I'm curious as to how you would say the phrase "never give up on what you desire most" in Tagalog. Also, I was wondering if there are any similar meaning phrases commonly used or well known phrases used by Tagalog speakers.

Salamat,
Waterdash


----------



## niernier

*Never give up on what you desire most. = *"Wag na wag mong isusuko ang pinakamimithi mo."

Another suggestion, with some poetic license,

"Kainlanman ay wag mong isusuko ang pinakamimithi mo."


----------



## Waterdash

Salamat niernier! Out of curiosity, what does the bottom phrase literally translate to "Kainlanman ay wag mong isusuko ang pinakamimithi mo."?


----------



## niernier

One of the common phrases where the word kailanman is used is, ngayon at kailanman (now and forever).

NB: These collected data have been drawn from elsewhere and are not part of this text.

(* w = sum_{j=m-n}^{m-1} w^(j) 2^j with bits w^(j) in {0,1};
   the bit of index j = m-n+i is d i, for i = 0..n-1 *)
Fixpoint bitsum (d : nat -> bool) (n m : nat) (k : nat) : R :=
  match k with
  | O => 0
  | S k' => bitsum d n m k' +
            (if d k' then 1 else 0) * powerRZ 2 (Z.of_nat m - Z.of_nat n + Z.of_nat k')
  end.
Definition fixed_repr (n m : nat) (w : R) : Prop :=
  exists d : nat -> bool, w = bitsum d n m n.

(* Algorithm SQRT(w,n,m,b).  The parameters n, m only describe the
   representation of the input and do not enter the computation. *)
Definition SQRT (w : R) (n m b : nat) : R :=
  if Req_EM_T w 1 then 1 else
  let p' : nat := (Z.to_nat (Rfloor (log2 w)) + 1)%nat in
  let x0 : R := / 2 ^ p' in
  let s : nat := Z.to_nat (Rceil (log2 (INR b))) in
  let xs : R := Nat.iter s (fun x => trunc b (- w * x ^ 2 + 2 * x)) x0 in
  let q : Z := (- Rfloor (log2 xs))%Z in
  let y0 : R := powerRZ 2 ((q - 1) / 2)%Z in
  Nat.iter s (fun y => trunc b ((3 * y - xs * y ^ 3) / 2)) y0.

(* Algorithm PowerOf2Roots(w,k,n,m,b): zhat i for i = 1..k
   (zhat 0 = w is a convenient base case, zhat 1 = SQRT(w,n,m,b),
    zhat i = SQRT(zhat (i-1), m+b, m, b) for i >= 2). *)
Fixpoint pow2roots (w : R) (n m b : nat) (i : nat) : R :=
  match i with
  | O => w
  | S O => SQRT w n m b
  | S i' => SQRT (pow2roots w n m b i') (m + b) m b
  end.

(* Algorithm LN(w,n,m,l), with the approximation r of ln 2 as a parameter. *)
Definition LN_b (l : nat) : nat := Nat.max (5 * l) 25.

Definition LN (w : R) (n m l : nat) (r : R) : R :=
  let b := LN_b l in
  if Req_EM_T w 1 then 0 else
  let p : nat := (Z.to_nat (Rfloor (log2 w)) + 1)%nat in
  let wp : R := w / 2 ^ (p - 1) in
  let zp : R :=
    if Req_EM_T wp 1 then 0 else
    let t := pow2roots wp n 1 b l in
    let y := trunc b ((t - 1) - / 2 * (t - 1) ^ 2) in
    2 ^ l * y in
  zp + INR (p - 1) * r.

(* Each truncation to b bits costs at most 2^-b.  In SQRT, the Newton iterations
   for 1/w (started at 1/2) and for the inverse square root of x_s ~ 1/w (started
   at 1) square their residuals 1 - w x and 1 - x y^2 up to O(2^-b) per step, so
   after ceil(log2 b) steps SQRT w = sqrt w (1 + O(2^-b)).  Hence each square root
   of PowerOf2Roots changes 2^i ln zhat_i by O(2^(i-b)), and
   2^l ln t = ln w_p + O(2^(l-b)).  Since t - 1 = O(2^-l), the two-term Taylor
   polynomial of ln(1 + x) at x = t - 1 is off by O(8^-l), i.e. O(4^-l) after
   scaling by 2^l.  Finally ln w = ln w_p + (p-1) ln 2 with p - 1 < m, so using r
   for ln 2 costs at most m 2^-b.  As b >= 5l, each of 2^-b, 2^(l-b) and 4^-l is
   below (3/4)^(5l/2). *)

From Stdlib Require Import Reals ZArith Lra Lia Psatz.
From Coquelicot Require Import Coquelicot.
Open Scope R_scope.

Lemma pow2_pos (k : nat) : 0 < 2 ^ k.
Proof. apply pow_lt; lra. Qed.

Lemma inv_pow2_le (k b : nat) : (k <= b)%nat -> / 2 ^ b <= / 2 ^ k.
Proof.
  intros Hkb. apply Rinv_le_contravar; [apply pow2_pos|].
  apply Rle_pow; [lra | exact Hkb].
Qed.

Lemma ulp_bounds (b : nat) : (6 <= b)%nat -> 0 < / 2 ^ b <= / 64.
Proof.
  intros Hb. split; [apply Rinv_0_lt_compat, pow2_pos|].
  replace 64 with (2 ^ 6) by (simpl; ring). apply inv_pow2_le, Hb.
Qed.

Lemma trunc_bounds (b : nat) (x : R) : x - / 2 ^ b < trunc b x <= x.
Proof.
  unfold trunc, Rfloor. pose proof (pow2_pos b) as P.
  destruct (base_Int_part (2 ^ b * x)) as [Hle Hgt].
  set (z := IZR (Int_part (2 ^ b * x))) in *.
  split.
  - apply Rmult_lt_reg_l with (2 ^ b); [exact P|].
    replace (2 ^ b * (z / 2 ^ b)) with z by (field; lra).
    replace (2 ^ b * (x - / 2 ^ b)) with (2 ^ b * x - 1) by (field; lra). lra.
  - apply Rmult_le_reg_l with (2 ^ b); [exact P|].
    replace (2 ^ b * (z / 2 ^ b)) with z by (field; lra). lra.
Qed.

Definition dyadic (b : nat) (a : R) : Prop := exists k : Z, a = IZR k / 2 ^ b.

Lemma trunc_dyadic (b : nat) (x : R) : dyadic b (trunc b x).
Proof. exists (Rfloor (2 ^ b * x)). reflexivity. Qed.

Lemma dyadic_1 (b : nat) : dyadic b 1.
Proof.
  exists (Z.of_nat (2 ^ b)). rewrite <- INR_IZR_INZ, pow_INR.
  replace (INR 2) with 2 by (simpl; ring).
  field. apply Rgt_not_eq, pow2_pos.
Qed.

Lemma Int_part_ge (k : Z) (y : R) : IZR k <= y -> (k <= Int_part y)%Z.
Proof.
  intros Hky. destruct (base_Int_part y) as [_ Hgt].
  assert (Hlt : (k - 1 < Int_part y)%Z) by (apply lt_IZR; rewrite minus_IZR; simpl; lra).
  lia.
Qed.

(* [trunc b] is the floor on the grid [2^-b Z], so it preserves lower bounds from that grid. *)
Lemma trunc_ge_dyadic (b : nat) (a x : R) : dyadic b a -> a <= x -> a <= trunc b x.
Proof.
  intros [k ->] Hx. unfold trunc, Rfloor, Rdiv. pose proof (pow2_pos b) as P.
  assert (Hk : IZR k <= 2 ^ b * x).
  { replace (IZR k) with (2 ^ b * (IZR k * / 2 ^ b)) by (field; lra).
    apply Rmult_le_compat_l; lra. }
  apply Rmult_le_compat_r; [left; apply Rinv_0_lt_compat, P|].
  apply IZR_le, Int_part_ge, Hk.
Qed.

Lemma ln2_pos : 0 < ln 2.
Proof. pose proof ln_lt_2. lra. Qed.

Lemma ln2_lt_1 : ln 2 < 1.
Proof.
  rewrite <- (ln_exp 1). apply ln_increasing; [lra|].
  pose proof (exp_ineq1 1 ltac:(lra)). lra.
Qed.

Lemma log2_Rpower2 (y : R) : log2 (Rpower 2 y) = y.
Proof.
  unfold log2, Rpower. rewrite ln_exp. field. apply Rgt_not_eq, ln2_pos.
Qed.

Lemma log2_le (x y : R) : 0 < x -> x <= y -> log2 x <= log2 y.
Proof.
  intros Hx Hxy. unfold log2, Rdiv. apply Rmult_le_compat_r.
  - left. apply Rinv_0_lt_compat, ln2_pos.
  - apply ln_le; assumption.
Qed.

Lemma log2_lt (x y : R) : 0 < x -> x < y -> log2 x < log2 y.
Proof.
  intros Hx Hxy. unfold log2, Rdiv. apply Rmult_lt_compat_r.
  - apply Rinv_0_lt_compat, ln2_pos.
  - apply ln_increasing; assumption.
Qed.

Lemma Rfloor_log2_eq (x : R) (k : Z) :
  powerRZ 2 k <= x < powerRZ 2 (k + 1) -> Rfloor (log2 x) = k.
Proof.
  intros [Hlo Hhi]. assert (P : 0 < powerRZ 2 k) by (apply powerRZ_lt; lra).
  assert (E : forall j, log2 (powerRZ 2 j) = IZR j).
  { intros j. rewrite powerRZ_Rpower by lra. apply log2_Rpower2. }
  pose proof (log2_le _ _ P Hlo) as L1. pose proof (log2_lt x _ ltac:(lra) Hhi) as L2.
  rewrite E in L1, L2. rewrite plus_IZR in L2.
  symmetry. apply Int_part_spec. lra.
Qed.

Lemma Rfloor_log2_pow (x : R) (k : nat) :
  2 ^ k <= x < 2 ^ S k -> Z.to_nat (Rfloor (log2 x)) = k.
Proof.
  intros H. rewrite !pow_powerRZ, Nat2Z.inj_succ in H.
  rewrite (Rfloor_log2_eq x (Z.of_nat k) H). apply Nat2Z.id.
Qed.

Lemma Rceil_log2_spec (b : nat) : (2 <= b)%nat ->
  (1 <= Z.to_nat (Rceil (log2 (INR b))))%nat /\
  (b <= 2 ^ Z.to_nat (Rceil (log2 (INR b))))%nat.
Proof.
  intros Hb. set (s := Rceil (log2 (INR b))).
  assert (Hs : log2 (INR b) <= IZR s).
  { unfold s, Rceil. rewrite opp_IZR. destruct (base_Int_part (- log2 (INR b))). lra. }
  assert (H2 : 2 <= INR b) by (apply (le_INR 2); exact Hb).
  assert (H1 : 1 <= log2 (INR b)).
  { rewrite <- (log2_Rpower2 1), Rpower_1 by lra. apply log2_le; lra. }
  assert (Hs1 : (1 <= s)%Z) by (apply le_IZR; lra).
  split; [lia|].
  apply INR_le. rewrite pow_INR, pow_powerRZ, Z2Nat.id, powerRZ_Rpower by lia || (simpl; lra).
  replace (INR 2) with 2 by (simpl; ring).
  destruct (Rle_or_lt (INR b) (Rpower 2 (IZR s))) as [Hle | Hlt]; [exact Hle|].
  apply log2_lt in Hlt; [|apply exp_pos]. rewrite log2_Rpower2 in Hlt. lra.
Qed.

Lemma quadratic_error_decay (e : nat -> R) (d : R) :
  0 <= d <= / 16 -> (forall i, 0 <= e i) -> e 0%nat <= / 2 + 2 * d ->
  (forall i, e (S i) <= e i ^ 2 + d) ->
  forall i, (1 <= i)%nat -> e i <= (/ 2) ^ (2 ^ i) + 4 * d.
Proof.
  intros Hd Hpos H0 Hstep i. induction i as [|i IH]; intros Hi; [lia|].
  pose proof (Hstep i) as Hs. pose proof (Hpos i) as Hp.
  replace (2 ^ S i)%nat with (2 ^ i * 2)%nat by (rewrite Nat.pow_succ_r'; lia).
  rewrite pow_mult.
  destruct i as [|i].
  - simpl in *. nra.
  - specialize (IH ltac:(lia)). set (u := (/ 2) ^ 2 ^ S i) in *.
    assert (Hu : 0 <= u <= / 4).
    { unfold u. rewrite pow_inv. split; [left; apply Rinv_0_lt_compat, pow2_pos|].
      replace 4 with (2 ^ 2) by (simpl; ring). apply inv_pow2_le.
      rewrite Nat.pow_succ_r'. pose proof (Nat.pow_le_mono_r 2 0 i). simpl in *. lia. }
    assert (Hsq : e (S i) ^ 2 <= (u + 4 * d) ^ 2) by (apply pow_incr; lra).
    nra.
Qed.

Lemma halfpow_pow2_le (b s : nat) : (b <= 2 ^ s)%nat -> (/ 2) ^ (2 ^ s) <= / 2 ^ b.
Proof. intros H. rewrite pow_inv. apply inv_pow2_le, H. Qed.

Definition recip_step (b : nat) (w x : R) : R := trunc b (- w * x ^ 2 + 2 * x).

Definition rsqrt_step (b : nat) (x y : R) : R := trunc b ((3 * y - x * y ^ 3) / 2).

Lemma recip_step_error (b : nat) (w x : R) : 0 < w ->
  (1 - w * x) ^ 2 <= 1 - w * recip_step b w x <= (1 - w * x) ^ 2 + w * / 2 ^ b.
Proof.
  intros Hw. unfold recip_step.
  destruct (trunc_bounds b (- w * x ^ 2 + 2 * x)) as [Hlo Hhi].
  set (t := trunc b (- w * x ^ 2 + 2 * x)) in *.
  split.
  - assert (w * t <= w * (- w * x ^ 2 + 2 * x)) by (apply Rmult_le_compat_l; lra). nra.
  - assert (w * (- w * x ^ 2 + 2 * x - / 2 ^ b) <= w * t) by (apply Rmult_le_compat_l; lra). nra.
Qed.

Lemma recip_iter_error (b s : nat) (w : R) :
  (6 <= b)%nat -> (1 <= s)%nat -> (b <= 2 ^ s)%nat -> 1 < w < 2 ->
  0 <= 1 - w * Nat.iter s (recip_step b w) (/ 2) <= 9 * / 2 ^ b.
Proof.
  intros Hb Hs1 Hs2 Hw. pose proof (halfpow_pow2_le b s Hs2) as Hhalf.
  destruct (ulp_bounds b Hb) as [c0 Hc]. set (c := / 2 ^ b) in *.
  set (e i := 1 - w * Nat.iter i (recip_step b w) (/ 2)).
  assert (Hstep : forall i, e i ^ 2 <= e (S i) <= e i ^ 2 + 2 * c).
  { intros i. destruct (recip_step_error b w (Nat.iter i (recip_step b w) (/ 2))) as [H1 H2];
      [lra|]. fold c in H2. unfold e. simpl Nat.iter. split; [exact H1 | nra]. }
  assert (Hpos : forall i, 0 <= e i).
  { intros [|i]; [unfold e; simpl; lra|].
    pose proof (Hstep i). pose proof (pow2_ge_0 (e i)). lra. }
  split; [apply Hpos|].
  pose proof (quadratic_error_decay e (2 * c)) as D.
  specialize (D ltac:(lra) Hpos ltac:(unfold e; simpl; lra)).
  specialize (D ltac:(intros i; apply Hstep) s Hs1). fold (e s). lra.
Qed.

Lemma rsqrt_step_spec (b : nat) (x y : R) :
  0 < x -> 1 <= y -> dyadic b y -> 0 <= 1 - x * y ^ 2 ->
  y <= rsqrt_step b x y /\ dyadic b (rsqrt_step b x y) /\
  0 <= 1 - x * rsqrt_step b x y ^ 2 <= (1 - x * y ^ 2) ^ 2 + 2 * / 2 ^ b.
Proof.
  intros Hx Hy Hdy Hf. unfold rsqrt_step.
  set (z := (3 * y - x * y ^ 3) / 2).
  assert (Hz : 1 - x * z ^ 2 = (1 - x * y ^ 2) ^ 2 * (3 + (1 - x * y ^ 2)) / 4)
    by (unfold z; field).
  assert (Hyz : y <= z) by (unfold z; nra).
  set (f := 1 - x * y ^ 2) in *.
  assert (Hf1 : f <= 1) by (unfold f; nra).
  assert (Hz1 : 0 <= 1 - x * z ^ 2 <= f ^ 2) by (rewrite Hz; nra).
  destruct (trunc_bounds b z) as [Tlo Thi].
  pose proof (trunc_ge_dyadic b y z Hdy Hyz) as Hy'.
  split; [exact Hy'|]. split; [apply trunc_dyadic|].
  set (y' := trunc b z) in *.
  pose proof (inv_pow2_le 0 b ltac:(lia)) as Hc. simpl in Hc.
  set (c := / 2 ^ b) in *.
  assert (Hxz : x * z <= 1) by nra.
  assert (Hup : y' ^ 2 <= z ^ 2) by (apply pow_incr; lra).
  assert (Hlow : (z - c) ^ 2 <= y' ^ 2) by (apply pow_incr; lra).
  assert (x * (z - c) ^ 2 <= x * y' ^ 2) by (apply Rmult_le_compat_l; lra).
  assert (x * z ^ 2 >= x * y' ^ 2) by (apply Rle_ge, Rmult_le_compat_l; lra).
  assert (0 <= x * c ^ 2) by nra.
  assert (x * z * c <= c) by nra.
  split; nra.
Qed.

Kailanman also refers to all the past and the future time.

So a literal translation would be:

Forever, don't give up on what you desire most.

But in English, I guess you can combine forever and don't to a single word never. 

Also, in our regular conversations,

don't -> wag
don't ever -> wag na wag

Note that wag is a contraction of huwag. This should explain the first of the two suggested phrases.


----------